== Stored records ==
• • • • •

Lemma prodstate_hweight1_mass_ge :
  2 * `|prodstate pi (zeros n)| ^+ 2 * (1 - `|prodstate pi (zeros n)| ^+ 2)
  <= (\sum_(y | hweight y == 1%N) `|prodstate pi y| ^+ 2)
     * (1 + `|prodstate pi (zeros n)| ^+ 2).
Proof.
rewrite sum_hweight1; under eq_bigr do rewrite prodstate_onehot.
rewrite prodstate_zeros.
have sq_real (z : C) : `|z| ^+ 2 \is Num.real by rewrite ger0_real ?exprn_ge0.
pose a k : creal C := Sub (`|pi k false| ^+ 2) (sq_real (pi k false)).
pose b k : creal C := Sub (`|pi k true| ^+ 2) (sq_real (pi k true)).
have ab1 k : a k + b k = 1.
  by apply: val_inj; rewrite /= -(pi1 k) /normsq big_bool addrC.
have := exactly_one_mass_ge (a := a) (b := b) (index_enum_uniq 'I_n)
  (fun k => exprn_ge0 2 (normr_ge0 (pi k false)))
  (fun k => exprn_ge0 2 (normr_ge0 (pi k true))) ab1.
rewrite /= creal_leE !(rmorphM, rmorphB, rmorphD, rmorph_prod, rmorph_sum).
under [\sum_(i < n) _]eq_bigr do rewrite rmorphM rmorph_prod.
exact.
Qed.
End ProductStates.

(** * The decomposition of psi *)

Section Decomposition.
Variables (C : numClosedFieldType) (n m : nat).
Variables (v1 v2 : bits n -> C) (g : 'I_m -> C) (perp : bits n * 'I_m -> C).
Variables (alpha beta delta gamma : C).
Hypotheses (al0 : 0 <= alpha) (be0 : 0 <= beta) (de0 : 0 <= delta) (ga0 : 0 <= gamma).
Hypotheses (nv1 : normsq v1 = 1) (nv2 : normsq v2 = 1) (ng : normsq g = 1).
Hypothesis (nperp : normsq perp = 1).
Hypothesis v1_supp : forall x, hweight x != 1%N -> v1 x = 0.
Hypothesis v2_supp : forall x, (hweight x < 2)%N -> v2 x = 0.
Hypothesis perp_ket0 : forall h, dotv (tensv (@ket0 C n) h) perp = 0.
Hypothesis perp_g : forall q, dotv (tensv q g) perp = 0.

Let low x := alpha * @ket0 C n x + delta * v1 x + beta * v2 x.

Lemma normsq_low_weight : normsq low = alpha ^+ 2 + delta ^+ 2 + beta ^+ 2.
Proof.
have ket0_v1 : dotv (fun x => alpha * @ket0 C n x) v1 = 0.
  apply: dotv_disjoint => x; have [->|x0] := eqVneq x (zeros n).
    by right; apply: v1_supp; rewrite hweight_zeros.
  by left; rewrite /ket0 (negbTE x0) mulr0.
have low_v2 : dotv (fun x => alpha * @ket0 C n x + delta * v1 x) v2 = 0.
  apply: dotv_disjoint => x; case: (ltnP (hweight x) 2) => [/v2_supp|w2]; [by right|left].
  rewrite v1_supp ?gtn_eqF // /ket0 -hweight_eq0 gtn_eqF ?mulr0 ?addr0 //.
  exact: ltnW.
rewrite /low normsqD_orth // normsqD_orth // normsqZ normsq_ket0 nv1 nv2 ger0_norm //.
by rewrite !mulr1.
Qed.

Variable psi : bits n * 'I_m -> C.
Hypothesis psi_def : forall p, psi p = tensv low g p + gamma * perp p.

Lemma amplitudes_sqr_sum : normsq psi = 1 ->
  alpha ^+ 2 + beta ^+ 2 + gamma ^+ 2 + delta ^+ 2 = 1.
Proof.
have -> : normsq psi = normsq (fun p => tensv low g p + gamma * perp p).
  by apply: eq_bigr => p _; rewrite psi_def.
rewrite normsqD_orth // normsq_tensv normsq_low_weight ng nperp => <-; ring.
Qed.

Variable phi : bits n -> C.
Hypothesis phi1 : normsq phi = 1.

Lemma normsq_partial_psi : normsq (partial_apply phi psi)
  = `|dotv phi low| ^+ 2 + gamma ^+ 2 * normsq (partial_apply phi perp).
Proof.
have -> : normsq (partial_apply phi psi)
    = normsq (fun i => dotv phi low * g i + gamma * partial_apply phi perp i).
  apply: eq_bigr => i _; rewrite -partial_apply_tensvD; congr (`|_| ^+ 2).
  by apply: eq_bigr => x _; rewrite psi_def.
rewrite normsqD_orth ?normsqZ ?ng ?mulr1 //.
by rewrite dotvZl dotv_partial_apply perp_g mulr0.
Qed.

Lemma normsq_partial_perp_le :
  normsq (partial_apply phi perp) <= 1 - `|phi (zeros n)| ^+ 2.
Proof.
have perp0 := orth_ket0_tensv_vanish perp_ket0.
apply: le_trans (normsq_partial_apply_le (P := fun x => x != zeros n) phi _) _.
  by move=> x i; rewrite negbK => /eqP ->.
by rewrite nperp mulr1 -phi1 /normsq [X in _ <= X - _](bigD1 (zeros n)) //= addrC addrK.
Qed.

Lemma dotv_low_weight_le : `|dotv phi low| <= alpha * `|phi (zeros n)|
  + delta * sqrtC (\sum_(x | hweight x == 1%N) `|phi x| ^+ 2)
  + beta * sqrtC (\sum_(x | (1 < hweight x)%N) `|phi x| ^+ 2).
Proof.
have -> : dotv phi low = alpha * (phi (zeros n))^* + delta * dotv phi v1 + beta * dotv phi v2.
  have pw x : (phi x)^* * low x = alpha * ((phi x)^* * @ket0 C n x)
      + delta * ((phi x)^* * v1 x) + beta * ((phi x)^* * v2 x) by rewrite /low; ring.
  rewrite /dotv (eq_bigr _ (fun x _ => pw x)) !big_split /= -!mulr_sumr.
  by rewrite -/(dotv _ _) dotv_ket0.
have dot1 : `|dotv phi v1| <= sqrtC (\sum_(x | hweight x == 1%N) `|phi x| ^+ 2).
  by apply: normC_le_sqrtC; rewrite -[X in _ <= X]mulr1 -nv1; apply: dotv_supp_le => x /v1_supp.
have dot2 : `|dotv phi v2| <= sqrtC (\sum_(x | (1 < hweight x)%N) `|phi x| ^+ 2).
  apply: normC_le_sqrtC; rewrite -[X in _ <= X]mulr1 -nv2; apply: dotv_supp_le => x.
  by rewrite -leqNgt => /v2_supp.
apply: le_trans (ler_normD _ _) _; apply: lerD; last by rewrite normrM ger0_norm // ler_wpM2l.
apply: le_trans (ler_normD _ _) _; apply: lerD; last by rewrite normrM ger0_norm // ler_wpM2l.
by rewrite normrM ger0_norm // norm_conjC.
Qed.
End Decomposition.

Theorem theorem4p4 (C : numClosedFieldType) (n m : nat)
  (psi : bits n * 'I_m -> C) (v1 v2 : bits n -> C) (g : 'I_m -> C)
  (perp : bits n * 'I_m -> C) (alpha beta delta gamma c : C) :
  0 <= alpha -> 0 <= beta -> 0 <= delta -> 0 <= gamma ->
  normsq psi = 1 ->
  normsq v1 = 1 -> normsq v2 = 1 -> normsq g = 1 -> normsq perp = 1 ->
  (forall x : bits n, hweight x != 1%N -> v1 x = 0) ->
  (forall x : bits n, (hweight x < 2)%N -> v2 x = 0) ->
  (forall h : 'I_m -> C, dotv (tensv (@ket0 C n) h) perp = 0) ->
  (forall q : bits n -> C, dotv (tensv q g) perp = 0) ->
  (forall p : bits n * 'I_m,
     psi p = tensv (fun x => alpha * @ket0 C n x + delta * v1 x + beta * v2 x) g p
             + gamma * perp p) ->
  alpha ^+ 2 = 2%:R / 3%:R + c -> 0 <= c ->
  forall pi : 'I_n -> bool -> C,
    (forall k : 'I_n, normsq (pi k) = 1) ->
    normsq (partial_apply (prodstate pi) psi)
    <= (alpha + (if c == 0 then delta
                 else Num.min delta (sqrtC (2%:R / 27%:R) * delta ^+ 2 / c))) ^+ 2.
Proof.
move=> al0 be0 de0 ga0 npsi nv1 nv2 ng nperp v1_supp v2_supp perp_ket0 perp_g psi_def
  al2 c0 pi pi1.
have phi1 := normsq_prodstate pi1.
have sum_ge0 (P : pred (bits n)) : 0 <= \sum_(x | P x) `|prodstate pi x| ^+ 2.
  by apply: sumr_ge0 => x _; apply: exprn_ge0.
rewrite (normsq_partial_psi ga0 ng perp_g psi_def).
apply: (overlap_sq_le (x := `|prodstate pi (zeros n)|)
  (y := sqrtC (\sum_(x | hweight x == 1%N) `|prodstate pi x| ^+ 2))
  (z := sqrtC (\sum_(x | (1 < hweight x)%N) `|prodstate pi x| ^+ 2)) (be := beta)) => //;
  rewrite ?normr_ge0 ?sqrtC_ge0 ?sum_ge0 ?normsq_ge0 ?sqrtCK //.
- exact: (amplitudes_sqr_sum al0 be0 de0 ga0 nv1 nv2 ng nperp v1_supp v2_supp perp_g
    psi_def npsi).
- by rewrite -phi1 [RHS]normsq_hweight_split.
- exact: prodstate_hweight1_mass_ge.
- exact: dotv_low_weight_le al0 be0 de0 nv1 nv2 v1_supp v2_supp _.
- exact: (normsq_partial_perp_le nperp perp_ket0 phi1).
Qed.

• • • • •

== Required work ==
Read through the entries and copy each line in which "move" appears.

== The answer ==
  by move=> x i; rewrite negbK => /eqP ->.
move=> al0 be0 de0 ga0 npsi nv1 nv2 ng nperp v1_supp v2_supp perp_ket0 perp_g psi_def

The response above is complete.